Ransomware Gangs Begin Using Intermittent Encryption Strategy

Cybercriminals begin adapting intermittent encryption techniques in new ransomware attacks

Cybercriminals are now devising a new method called intermittent encryption that ensures the whole data on target computer gets encrypted much faster. This nascent method works by encrypting just sections of files contained in any system under attack. Speedy data encryption reduces the chances of attack failure, antivirus detection or partial data encryption.

This intermittent encryption tactic is no less dangerous considering that it would still make infected data unrecoverable except with the use of a decryptor and private key. To explain it in detail, this particular encryption process is based on intermittently skipping every [n] bytes of a file, thereby reducing the time required to fully encrypt it and make it useless to the victim.

Also, since its encryption process is less complicated, malware detection software that identify signals released by intense file IO operations might become less efficient.

Cybercriminals promote new encryption features in hacking forums

According to a report published by SentinelLabs, the new encryption mode was started by LockFile ransomware in 2021 and was later adapted by other ransomware groups, including Black Basta, Agenda, Qyick, and PLAY. The criminals behind these threats now promote the use of intermittent encryption mode in their operations, which also helps entice others into joining their Raas operations.

Qyick is not only making use of intermittent encryption but has described its speed as unmatched. This statement was contained in a notification the malware promoters dropped in hacking forums.

However, Agenda ransomware, on its part, provides the intermittent encryption as an option that can be enabled and configured in the settings if need be. The user may choose between three encryption modes:

• Skip-step mode. Parameters ‘skip’ and ‘step’. Encrypts every ‘step’ MB of the file, skips ‘skip’ MB.
• Fast mode: Parameter ‘f’. Encrypts only the first ‘f’ MB of the file.
• Percent mode.
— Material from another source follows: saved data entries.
Lemma nonvanishing_sign (f : R -> R) x0 :
  (forall x, P x -> ex_derive f x) -> (forall x, P x -> f x <> 0) -> P x0 ->
  exists eps, (eps = 1 \/ eps = -1) /\ forall x, P x -> f x = eps * Rabs (f x).
Proof.
intros Hd Hnz Hx0.
destruct (Rlt_le_dec 0 (f x0)) as [Hpos|Hneg]; [exists 1|exists (-1)]; split; auto;
  intros x Hx; pose proof (Hnz x Hx).
- pose proof (nonvanishing_pos f Hd Hnz x0 x Hx0 Hx Hpos).
  rewrite Rabs_pos_eq; lra.
- assert (Hd' : forall y, P y -> ex_derive (fun t => - f t) y)
    by (intros y Hy; pose proof (Hd y Hy); auto_derive; auto).
  assert (Hnz' : forall y, P y -> - f y <> 0) by (intros y Hy; pose proof (Hnz y Hy); lra).
  pose proof (Hnz x0 Hx0).
  pose proof (nonvanishing_pos _ Hd' Hnz' x0 x Hx0 Hx ltac:(lra)).
  rewrite Rabs_left; lra.
Qed.

End ConvexDomain.

Lemma inJ_convex a b x y t : inJ a b x -> inJ a b y -> x <= t <= y -> inJ a b t.
Proof. unfold inJ; destruct b as [b'| |]; simpl; intros; lra. Qed.

Lemma inJ_locally a b x : inJ a b x -> locally x (inJ a b).
Proof.
apply locally_open; [|auto].
apply (open_and (fun t : R => Rbar_lt a t) (fun t : R => Rbar_lt t b));
  [apply open_Rbar_gt|apply open_Rbar_lt].
Qed.

Lemma inJ_inhabited (a : R) (b : Rbar) : Rbar_lt a b -> exists x, inJ a b x.
Proof.
unfold inJ; destruct b as [b'| |]; simpl; intros H; [exists ((a + b') / 2)|exists (a + 1)|]; simpl; lra.
Qed.

Lemma inJ_pos a b t : 0 <= a -> inJ a b t -> 0 < t.
Proof. intros Ha [Ht _]; lra. Qed.

(* [(r, z)] is the point of the meridian [r^(2m) + z^(2m) = 1, z > 0] of [S] at which the
   normal [(r^(2m-1), z^(2m-1))] is parallel to [(-p, 1)], the normal of a meridian of slope [p]. *)
Definition bg_profile (m : nat) (p r z : R) : Prop :=
  0 < z /\ r ^ (2 * m) + z ^ (2 * m) = 1 /\ r ^ (2 * m - 1) = - p * z ^ (2 * m - 1).

Definition meridian_slope (m : nat) (eps w : R) : R :=
  eps * Rpower w ((2 * INR m - 1) / 2)
    / Rpower (1 - w ^ m) ((2 * INR m - 1) / (2 * INR m)).

Section Profile.

Variable m : nat.
Hypothesis m_pos : (1 <= m)%nat.

Lemma pow_2m1 x : x ^ (2 * m - 1) = x ^ (2 * (m - 1) + 1).
Proof. f_equal; lia. Qed.

Lemma pow_2m1_sqr x : x ^ (2 * m - 1) = (x ^ 2) ^ (m - 1) * x.
Proof. rewrite pow_2m1, pow_add, pow_mult by auto; ring. Qed.

Lemma bg_profile_unique p r z r' z' :
  bg_profile m p r z -> bg_profile m p r' z' -> r = r' /\ z = z'.
Proof.
intros [Hz [H1 H2]] [Hz' [H1' H2']].
assert (Hzp : 0 < z ^ (2 * m - 1)) by (apply pow_lt; lra).
assert (Hzp' : 0 < z' ^ (2 * m - 1)) by (apply pow_lt; lra).
(* the ratio [r / z] is the odd root of [-p] *)
assert (Ek : r / z = r' / z').
{ apply (pow_odd_inj (m - 1)); rewrite <- !pow_2m1; unfold Rdiv.
  rewrite !Rpow_mult_distr, !pow_inv, H2, H2'; field; lra. }
assert (Ez : z = z').
{ apply (pow_inj_l (2 * m)); [lia|lra|lra|].
  replace r with (r / z * z) in H1 by (field; lra).
  replace r' with (r' / z' * z') in H1' by (field; lra).
  rewrite Rpow_mult_distr in H1, H1'; rewrite Ek in H1.
  assert (0 <= (r' / z') ^ (2 * m)) by (rewrite pow_mult; apply pow_le, pow2_ge_0).
  nra. }
subst z'; split; auto.
replace r with (r / z * z) by (field; lra); rewrite Ek; field; lra.
Qed.

Lemma bg_profile_slope_unique p p' r z z' :
  bg_profile m p r z -> bg_profile m p' r z' -> p = p'.
Proof.
intros [Hz [H1 H2]] [Hz' [H1' H2']].
assert (Ez : z = z') by (apply (pow_inj_l (2 * m)); lia || lra).
subst z'.
assert (Hzp : 0 < z ^ (2 * m - 1)) by (apply pow_lt; lra).
apply Rmult_eq_reg_r with (- z ^ (2 * m - 1)); lra.
Qed.

Lemma bg_profile_neq0 p r z : p <> 0 -> bg_profile m p r z -> r <> 0.
Proof.
intros Hp [Hz [_ H2]] ->; rewrite pow_i in H2 by lia.
pose proof (pow_lt z (2 * m - 1) Hz); nra.
Qed.

Lemma bg_profile_sqr_lt1 p r z : bg_profile m p r z -> r ^ 2 < 1.
Proof.
intros [Hz [H1 _]]; rewrite pow_mult in H1.
pose proof (pow_lt z (2 * m) Hz).
destruct (Rlt_le_dec (r ^ 2) 1) as [|Hr]; auto.
pose proof (pow_R1_Rle (r ^ 2) m Hr); lra.
Qed.

Lemma bg_profile_explicit eps w : (eps = 1 \/ eps = -1) -> 0 < w < 1 ->
  bg_profile m (meridian_slope m eps w) (- eps * sqrt w) (Rpower (1 - w ^ m) (/ (2 * INR m))).
Proof.
intros Heps Hw.
assert (Hm : 0 < INR m) by (apply lt_0_INR; lia).
assert (Hwm : 0 < 1 - w ^ m) by (pose proof (pow_lt_1_compat w m ltac:(lra) ltac:(lia)); lra).
set (z := Rpower (1 - w ^ m) (/ (2 * INR m))).
assert (Hz : 0 < z) by apply exp_pos.
assert (Hz2m : z ^ (2 * m) = 1 - w ^ m).
{ unfold z; rewrite <- Rpower_mult_INR by lra; rewrite mult_INR.
  replace (/ (2 * INR m) * (INR 2 * INR m)) with 1 by (simpl; field; lra).
  apply Rpower_1; lra. }
assert (E2m1 : INR (2 * m - 1) = 2 * INR m - 1)
  by (rewrite minus_INR, mult_INR by lia; simpl; ring).
assert (Ew : Rpower w ((2 * INR m - 1) / 2) = sqrt w ^ (2 * m - 1)).
{ rewrite <- Rpower_sqrt, <- Rpower_mult_INR, E2m1 by lra; f_equal; field. }
assert (Ez : Rpower (1 - w ^ m) ((2 * INR m - 1) / (2 * INR m)) = z ^ (2 * m - 1)).
{ unfold z; rewrite <- Rpower_mult_INR, E2m1 by lra; f_equal; field; lra. }
assert (Hzp : 0 < z ^ (2 * m - 1)) by (apply pow_lt; lra).
split; [|split]; auto.
- rewrite Hz2m, pow_mult, Rpow_mult_distr, pow2_sqrt by lra.
  replace ((- eps) ^ 2 * w) with w by (destruct Heps as [->| ->]; ring); ring.
- unfold meridian_slope; rewrite Ew, Ez, Rpow_mult_distr, (pow_2m1 (- eps)), pow_add, pow_mult.
  replace ((- eps) ^ 2) with 1 by (destruct Heps as [->| ->]; ring).
  rewrite pow1; field; lra.
Qed.

End Profile.

Lemma vscal_vscal k l x : vscal k (vscal l x) = vscal (k * l) x.
Proof. unfold vscal at 1 2 3; apply (f_equal3 mk3); unfold vscal, mk3, c1, c2, c3; cbn [fst snd]; ring. Qed.

Lemma gradPhi_mk3 m x1 x2 x3 : (1 <= m)%nat ->
  gradPhi m (mk3 x1 x2 x3) =
  vscal (2 * INR m) (mk3 ((x1 ^ 2 + x2 ^ 2) ^ (m - 1) * x1)
                         ((x1 ^ 2 + x2 ^ 2) ^ (m - 1) * x2) (x3 ^ (2 * m - 1))).
Proof.
intros Hm; unfold gradPhi, vscal; apply (f_equal3 mk3);
  unfold Phi, mk3, c1, c2, c3; cbn [fst snd]; apply is_derive_unique; auto_derive; auto.
all: rewrite ?Nat.sub_1_r, ?plus_INR; simpl; ring.
Qed.

Definition rotational_map (r z : R -> R) (t v : R) : V3 :=
  mk3 (r t * cos v) (r t * sin v) (z t).

Lemma pd_s_rotational (r z : R -> R) t v : ex_derive r t ->
  pd_s (rotational_map r z) t v = mk3 (Derive r t * cos v) (Derive r t * sin v) (Derive z t).
Proof.
intros Hr; unfold pd_s; apply (f_equal3 mk3); [| |reflexivity];
  unfold rotational_map, mk3, c1, c2, c3; cbn [fst snd];
  apply is_derive_unique; auto_derive; auto; rewrite Rmult_1_l; reflexivity.
Qed.

Lemma pd_v_rotational (r z : R -> R) t v :
  pd_v (rotational_map r z) t v = mk3 (- (r t * sin v)) (r t * cos v) 0.
Proof.
unfold pd_v; apply (f_equal3 mk3); unfold rotational_map, mk3, c1, c2, c3; cbn [fst snd];
  apply is_derive_unique; auto_derive; auto; ring.
Qed.

Lemma cos_sin_pow2 v : cos v ^ 2 + sin v ^ 2 = 1.
Proof. rewrite <- !Rsqr_pow2, Rplus_comm; apply sin2_cos2. Qed.

Lemma pd_s_rotSurf u al v : pd_s (rotSurf u) al v = mk3 (cos v) (sin v) (Derive u al).
Proof.
change (rotSurf u) with (rotational_map (fun t => t) u).
rewrite pd_s_rotational, Derive_id by apply ex_derive_id.
apply (f_equal3 mk3); ring.
Qed.

Lemma pd_v_rotSurf u al v : pd_v (rotSurf u) al v = mk3 (- (al * sin v)) (al * cos v) 0.
Proof. exact (pd_v_rotational (fun t => t) u al v). Qed.

Lemma cross_rotSurf u al v :
  cross (pd_s (rotSurf u) al v) (pd_v (rotSurf u) al v) =
  vscal al (mk3 (- (Derive u al * cos v)) (- (Derive u al * sin v)) 1).
Proof.
rewrite pd_s_rotSurf, pd_v_rotSurf; unfold cross, vscal; apply (f_equal3 mk3);
  unfold mk3, c1, c2, c3; cbn [fst snd]; [ring|ring|].
transitivity (al * (cos v ^ 2 + sin v ^ 2)); [ring|rewrite cos_sin_pow2; ring].
Qed.

Lemma rotation_inj c s x y x' y' : c ^ 2 + s ^ 2 = 1 ->
  x * c - y * s = x' * c - y' * s -> x * s + y * c = x' * s + y' * c -> x = x' /\ y = y'.
Proof.
intros Hcs E1 E2; split.
- transitivity (c * (x * c - y * s) + s * (x * s + y * c)).
  + transitivity (x * (c ^ 2 + s ^ 2)); [rewrite Hcs|]; ring.
  + rewrite E1, E2; transitivity (x' * (c ^ 2 + s ^ 2)); [|rewrite Hcs]; ring.
- transitivity (c * (x * s + y * c) - s * (x * c - y * s)).
  + transitivity (y * (c ^ 2 + s ^ 2)); [rewrite Hcs|]; ring.
  + rewrite E1, E2; transitivity (y' * (c ^ 2 + s ^ 2)); [|rewrite Hcs]; ring.
Qed.

Lemma collinear_unit c s x1 x2 : c ^ 2 + s ^ 2 = 1 -> x1 * s = x2 * c ->
  x1 = (x1 * c + x2 * s) * c /\ x2 = (x1 * c + x2 * s) * s.
Proof.
intros Hcs Hpar; split.
- transitivity (x1 * (c ^ 2 + s ^ 2)); [rewrite Hcs; ring|].
  replace (x1 * (c ^ 2 + s ^ 2)) with (x1 * c * c + x1 * s * s) by ring; rewrite Hpar; ring.
- transitivity (x2 * (c ^ 2 + s ^ 2)); [rewrite Hcs; ring|].
  replace (x2 * (c ^ 2 + s ^ 2)) with (x2 * c * c + x2 * s * s) by ring; rewrite <- Hpar; ring.
Qed.

Section MeridianPoint.

Variable m : nat.
Hypothesis m_pos : (1 <= m)%nat.
Variables c s : R.
Hypothesis cs_unit : c ^ 2 + s ^ 2 = 1.

Lemma bg_point_profile p lam x : 0 < lam -> Phi m x = 1 ->
  gradPhi m x = vscal lam (mk3 (- (p * c)) (- (p * s)) 1) ->
  exists r z, x = mk3 (r * c) (r * s) z /\ bg_profile m p r z.
Proof.
intros Hlam HPhi HG; destruct x as [[x1 x2] z]; change (x1, x2, z) with (mk3 x1 x2 z) in *.
rewrite gradPhi_mk3 in HG by auto.
set (q := (x1 ^ 2 + x2 ^ 2) ^ (m - 1)) in HG.
assert (Hm : 0 < INR m) by (apply lt_0_INR; lia).
assert (E1 : 2 * INR m * (q * x1) = lam * - (p * c)) by exact (f_equal c1 HG).
assert (E2 : 2 * INR m * (q * x2) = lam * - (p * s)) by exact (f_equal c2 HG).
assert (E3 : 2 * INR m * z ^ (2 * m - 1) = lam * 1) by exact (f_equal c3 HG).
assert (Hpar : x1 * s = x2 * c).
{ destruct (Req_dec q 0) as [Hq|Hq].
  - destruct (Req_dec (x1 ^ 2 + x2 ^ 2) 0) as [Hsum|Hsum].
    + assert (x1 = 0) by nra; assert (x2 = 0) by nra; subst; ring.
    + exfalso; exact (pow_nonzero _ (m - 1) Hsum Hq).
  - apply Rmult_eq_reg_l with (2 * INR m * q); [|apply Rmult_integral_contrapositive; lra].
    replace (2 * INR m * q * (x1 * s)) with (s * (2 * INR m * (q * x1))) by ring.
    replace (2 * INR m * q * (x2 * c)) with (c * (2 * INR m * (q * x2))) by ring.
    rewrite E1, E2; ring. }
destruct (collinear_unit c s x1 x2 cs_unit Hpar) as [Hx1 Hx2].
set (r := x1 * c + x2 * s) in Hx1, Hx2.
assert (Hsq : x1 ^ 2 + x2 ^ 2 = r ^ 2).
{ rewrite Hx1, Hx2; transitivity (r ^ 2 * (c ^ 2 + s ^ 2)); [ring|rewrite cs_unit; ring]. }
exists r, z; split; [rewrite <- Hx1, <- Hx2; reflexivity|].
split; [|split].
- apply (pow_odd_pos (m - 1)); rewrite <- pow_2m1 by auto.
  apply Rmult_lt_reg_l with (2 * INR m); [lra|]; rewrite Rmult_0_r, E3; lra.
- unfold Phi, mk3, c1, c2, c3 in HPhi; cbn [fst snd] in HPhi.
  rewrite pow_mult, <- Hsq; exact HPhi.
- rewrite pow_2m1_sqr, <- Hsq by auto; fold q.
  apply Rmult_eq_reg_l with (2 * INR m); [|lra].
  transitivity (c * (2 * INR m * (q * x1)) + s * (2 * INR m * (q * x2))); [unfold r; ring|].
  rewrite E1, E2; replace (2 * INR m * (- p * z ^ (2 * m - 1))) with (- p * (2 * INR m * z ^ (2 * m - 1))) by ring.
  rewrite E3; transitivity (- p * lam * (c ^ 2 + s ^ 2)); [ring|rewrite cs_unit; ring].
Qed.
Parameters ‘n’ and ‘p’ where p must be between 1 and 99. Encrypts every ‘n’ MB of the file, skips ‘p’ MB, where ‘p’ means ‘p’ % of total file size.

This pattern is also similar to BlackCat as they enable configuration choices in order to create a byte-skipping algorithm. There is also an option to encrypt only the initial bytes of any given file, also use a dot pattern, or encrypt certain percentage of file blocks. In addition to that, its auto mode is configured to combine several modes to achieve a more complicated result.

The recent high-profile PLAY ransomware attack on the Argentina’s Judiciary also used intermittent encryption. Note that PLAY does not offer configuration options but rather checks the file size and divides the file into as many as 3 to 5 chunks and encrypts every second chunk.

Lastly, Black-Basta doesn’t enable modes to be selected. The malware decides what to do according to the file size. For files not exceeding 704 bytes in size, it encrypts the whole data. However, for files between 704 bytes and 4 KB, it locks 64 bytes, skips 192 bytes, then again 64 bytes and so on.

If the file size exceeds 4 KB, Black-Basta ransomware reduces the unaffected byte intervals to 128 bytes while the encrypted sections still remain at 64 bytes.

Intermittent encryption to be seen in more ransomware attacks

From what we have deduced so far, intermittent encryption has huge advantages and probably no significant drawback. Therefore, an increasing number of cybercriminals are likely to join the bandwagon in the future. Speed is one of the most important factors to ransomware operators, as they seek to lock large data amounts unnoticed.

At the moment, LockBit’s version appears to have the fastest encryption speed, so if cybercriminals decide to make use of the partial encryption method, the time required to make victim’s files inaccessible would be shortened even more.

Nevertheless, cybercriminals understand that encryption must be complex enough to prevent independent decryption regardless of whether intermittent encryption was used or not. So far, BlackCat format seems to be highly sophisticated while new Qyick samples, on the other hand, haven’t been analyzed by malware researchers yet.

Computer users and companies should take action to implement required cybersecurity measures. A good start would be installing a robust antivirus engine, configuring a firewall and ensuring that secure RDP credentials are used.